The single most actionable step for any new Marshall Foundation applicant is to contact Grants Management Administrator Kay Hoenig before the LOI window opens: khoenig@marshallfoundation.com or (520) 955-1238. Hoenig handles day-to-day grants operations and can confirm eligibility, flag any outstanding reporting issues from prior grant cycles, and clarify which funding category best fits your work. This conversation also signals organizational seriousness — staff notice who engages proactively.
The choice of funding category in your LOI is binding and strategic. Organizations serving early childhood, K-12, or college-access programs should select Early Childhood to Graduate Education. Those providing food security, housing, mental health support, legal services, or other wraparound supports that explicitly enable educational participation belong in Wraparound Services in Support of Education. Many nonprofits could qualify under multiple tracks — choose the one that most precisely describes the funded program's theory of change, not the broadest applicable umbrella. Reviewers notice forced-fit category choices.
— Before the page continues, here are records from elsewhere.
(* For every $h\in[H]$, with $\kappa=1/K$ and some $\beta=O(L/K)$, there is a matrix $A\in\mathbb R^{|\mathcal M|\times|\mathcal M|}$ (indexed by models) with $\frac1K\mathcal E_B(M,M',h)\le A(M,M')\le\mathcal W_F(M,M',h)$ for all $M,M'\in\mathcal M$ and $\mathrm{rank}(A,\beta)\le L_h/|\mathcal O|$; that is, the witness rank defined with $\mathcal W_F$ satisfies $\mathsf W(1/K,\beta,\mathcal M,\mathcal F,h)\le L_h/|\mathcal O|$.
   Context: Factored MDP setting: $\mathcal O$ finite, $\mathcal X=[H]\times\mathcal O^d$ layered by time, $|\mathcal A|=K$; known parent sets $\mathrm{pa}_i\subseteq[d]$; transitions $P(x'|x,a)=\prod_{i=1}^dP^{(i)}[x'[i]\mid x[\mathrm{pa}_i],a,h]$; known reward $R^\star$ shared by all models, rewards in $[0,1]$ with total reward $\le1$; $\mathcal M$ is the set of all models with reward $R^\star$ and transitions factorizing with these parents, true model $M^\star\in\mathcal M$. $L=\sum_{i=1}^dHK|\mathcal O|^{1+|\mathrm{pa}_i|}$, $L_h=\sum_{i=1}^dK|\mathcal O|^{1+|\mathrm{pa}_i|}$. For model $M$: $V_M,\pi_M$ its optimal value function and greedy policy; $x_h\sim\pi$ the step-$h$ context running $\pi$ in the true MDP; $(r,x')\sim M_h$: $r\sim R^\star(x_h,a_h),x'\sim P(x_h,a_h)$. $\mathcal E_B(M,M',h)=\mathbb E_{x_h\sim\pi_M,a_h\sim\pi_{M'}}[\mathbb E_{M'_h}[r+V_{M'}(x')]-\mathbb E_{M^\star_h}[r+V_{M'}(x')]]$. $\mathcal F=\{g_1+\dots+g_d:g_i\in\mathcal G_i\}$, $\mathcal G_i$ all $\{-1,1\}$-valued functions of $(x,a,r,x')$ depending only on $(x[\mathrm{pa}_i],a,h,x'[i])$. $\mathcal W_F(M,M',h)=\max_{f\in\mathcal F}\mathbb E_{x_h\sim\pi_M,a_h\sim U(\mathcal A)}[\mathbb E_{M'_h}f-\mathbb E_{M^\star_h}f]$. For a matrix $B$, $\mathrm{rank}(B,\beta)$ is the least $k$ with $B=UV^\top$, $U,V$ having $k$ columns and $\|u_i\|_2\|v_j\|_2\le\beta$ for all rows $u_i,v_j$. *)

From mathcomp Require Import all_boot all_order all_algebra.
Set Implicit Arguments. Unset Strict Implicit. Unset Printing Implicit Defensive.
Import Order.TTheory GRing.Theory Num.Theory.
Local Open Scope ring_scope.

Notation obs O d := {ffun 'I_d -> O}.

Section FMDP.
Variables (R : rcfType) (O Act : finType) (H d : nat).

(* A transition model: M h i x a o = P^(i)[ x'[i] = o | x, a, h ]
   (dependence on x only through x[pa_i] is imposed by [is_model]). *)
Definition model := 'I_H -> 'I_d -> obs O d -> Act -> O -> R.

Definition policy := 'I_H -> obs O d -> Act.

Variable pa : 'I_d -> {set 'I_d}.

Definition agree_on (i : 'I_d) (x x' : obs O d) : bool :=
  [forall j in pa i, x j == x' j].

Definition is_model (M : model) : Prop :=
  (forall h i x a o, 0 <= M h i x a o) /\
  (forall h i x a, \sum_(o : O) M h i x a o = 1) /\
  (forall h i x x' a o, agree_on i x x' -> M h i x a o = M h i x' a o).

Definition K : nat := #|Act|.
Definition L : nat := (\sum_(i < d) H * K * #|O| ^ (1 + #|pa i|))%N.
Definition Lh : nat := (\sum_(i < d) K * #|O| ^ (1 + #|pa i|))%N.

(* known reward (mean reward R*(x,a)), shared by all models *)
Variable Rs : 'I_H -> obs O d -> Act -> R.

Definition reward_ok : Prop :=
  (forall h x a, 0 <= Rs h x a <= 1) /\
  (forall (xs : 'I_H -> obs O d) (acts : 'I_H -> Act),
      \sum_(h < H) Rs h (xs h) (acts h) <= 1).

Definition Pfull (M : model) (h : 'I_H) (x : obs O d) (a : Act) (y : obs O d) : R :=
  \prod_(i < d) M h i x a (y i).

(* optimal value, by backward induction; layer H is terminal (value 0) *)
Fixpoint Vaux (M : model) (f h : nat) (x : obs O d) : R :=
  match f with
  | 0 => 0
  | f'.+1 =>
    match insub h : option 'I_H with
    | Some hh => \big[Num.max/0]_(a : Act)
                   (Rs hh x a + \sum_(y : obs O d) Pfull M hh x a y * Vaux M f' h.+1 y)
    | None => 0
    end
  end.

Definition V (M : model) (h : nat) (x : obs O d) : R := Vaux M (H - h) h x.

Definition Q (M : model) (h : 'I_H) (x : obs O d) (a : Act) : R :=
  Rs h x a + \sum_(y : obs O d) Pfull M h x a y * V M h.+1 y.

Definition greedy (pi : model -> policy) : Prop :=
  forall M, is_model M -> forall h x a, Q M h x a <= Q M h x (pi M h x).

Variables (Mstar : model) (d0 : obs O d -> R).

Definition init_ok : Prop :=
  (forall x, 0 <= d0 x) /\ \sum_(x : obs O d) d0 x = 1.

Fixpoint rollin (p : policy) (n : nat) (y : obs O d) : R :=
  match n with
  | 0 => d0 y
  | n'.+1 =>
    match insub n' : option 'I_H with
    | Some hh => \sum_(x : obs O d) rollin p n' x * Pfull Mstar hh x (p hh x) y
    | None => 0
    end
  end.

Variable pi : model -> policy.

Definition EB (M M' : model) (h : 'I_H) : R :=
  \sum_(x : obs O d) rollin (pi M) h x *
    (let a := pi M' h x in
     (Rs h x a + \sum_(y : obs O d) Pfull M' h x a y * V M' h.+1 y)
     - (Rs h x a + \sum_(y : obs O d) Pfull Mstar h x a y * V M' h.+1 y)).

(* the class F: f = g_1 + ... + g_d, g_i {-1,1}-valued (encoded by bool),
   g_i a function of (h, x, a, x'[i]) depending on x only through x[pa_i] *)
Definition gfam := {ffun 'I_d -> {ffun ('I_H * obs O d * Act * O) -> bool}}.

Definition inF (g : gfam) : bool :=
  [forall i : 'I_d, forall h : 'I_H, forall x : obs O d, forall x' : obs O d,
     forall a : Act, forall o : O,
       agree_on i x x' ==> (g i (h, x, a, o) == g i (h, x', a, o))].

Definition fval (g : gfam) (h : 'I_H) (x : obs O d) (a : Act) (y : obs O d) : R :=
  \sum_(i < d) (if g i (h, x, a, y i) then 1 else -1).

Definition gconst : gfam := [ffun _ => [ffun _ => true]].

Definition Ef (M M' : model) (h : 'I_H) (g : gfam) : R :=
  \sum_(x : obs O d) rollin (pi M) h x *
    ((K%:R)^-1 * \sum_(a : Act)
       (\sum_(y : obs O d) Pfull M' h x a y * fval g h x a y
        - \sum_(y : obs O d) Pfull Mstar h x a y * fval g h x a y)).

(* W_F(M, M', h) = max over f in F (gconst is in F, so it is a max over F) *)
Definition WF (M M' : model) (h : 'I_H) : R :=
  \big[Num.max/Ef M M' h gconst]_(g | inF g) Ef M M' h g.

End FMDP.

Definition rank_le (R : rcfType) (T : Type) (P : T -> Prop) (A : T -> T -> R)
    (beta : R) (k : nat) : Prop :=
  exists k' : nat, (k' <= k)%N /\
  exists (U W : T -> 'I_k' -> R),
    (forall M M', P M -> P M' -> A M M' = \sum_(j < k') U M j * W M' j) /\
    (forall M M', P M -> P M' ->
       Num.sqrt (\sum_(j < k') U M j ^+ 2) * Num.sqrt (\sum_(j < k') W M' j ^+ 2)
       <= beta).

From mathcomp Require Import all_boot all_order all_algebra.
From mathcomp Require Import zify lra.
Set Implicit Arguments.
Unset Strict Implicit.
Unset Printing Implicit Defensive.

Import Order.TTheory GRing.Theory Num.Theory.
Local Open Scope ring_scope.

(* The witness is A(M, M') = E_{x ~ pi_M} [(1/K) sum_a sum_i |M'_i(.|x,a) - M*_i(.|x,a)|_1].
   Values lie in [0, 1] and the L1 distance of two product distributions is at
   most the sum of the L1 distances of their factors, so A dominates E_B / K.
   The test functions g_i = sign (M'_i - M*_i) only read the parents of factor i,
   and their discrepancy is exactly A, so A <= W_F.  Finally A factors through
   the triples (i, u, a) with u a configuration of pa_i: on the left the
   probability under pi_M that x[pa_i] = u (at most 1), on the right the scaled
   factor distance at (u, a) (at most 2/K).  There are L_h/|O| such triples,
   which gives the rank bound with beta = 2 L/K. *)

Lemma ler_sum_cond (R : numDomainType) (T : finType) (P : pred T) (F : T -> R) :
  (forall i, 0 <= F i) -> \sum_(i | P i) F i <= \sum_i F i.
Proof. by move=> F0; rewrite [leRHS](bigID P) /= lerDl sumr_ge0. Qed.

Lemma sum_prod_marginal (R : comPzSemiRingType) (I O : finType)
    (a : I -> O -> R) (f : O -> R) (i : I) :
  (forall k, \sum_o a k o = 1) ->
  \sum_(y : {ffun I -> O}) (\prod_k a k (y k)) * f (y i) = \sum_o a i o * f o.
Proof.
move=> a1; pose G k o := if k == i then a k o * f o else a k o.
transitivity (\sum_(y : {ffun I -> O}) \prod_k G k (y k)).
  apply: eq_bigr => y _; rewrite (bigD1 i) //= [RHS](bigD1 i) //= /G eqxx mulrAC.
  by congr (_ * _); apply: eq_bigr => k /negbTE ->.
rewrite -bigA_distr_bigA (bigD1 i) //= [X in _ * X]big1 ?mulr1.
  by apply: eq_bigr => o _; rewrite /G eqxx.
by move=> k /negbTE ki; rewrite /G ki a1.
Qed.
Every sentence in your LOI should connect to equity and educational access barriers. The foundation's mission explicitly centers equitable access, and its most funded grantees (Florence Immigrant and Refugee Rights Project, Youth On Their Own, Arizona Friends of Foster Children Foundation) all articulate a specific population facing barriers and a clear mechanism for removing those barriers. Demographic specificity resonates: immigrants, DACA-eligible students, foster youth, students experiencing homelessness, and children in low-income households all appear prominently in the funded portfolio.
Marshall's most consistent multi-year grantees share a reporting discipline: they quantify outcomes in educational terms — students reached, academic progression metrics, scholarship dollars leveraged, or literacy gains — rather than reporting activities alone. Frame your performance metrics accordingly from the application stage.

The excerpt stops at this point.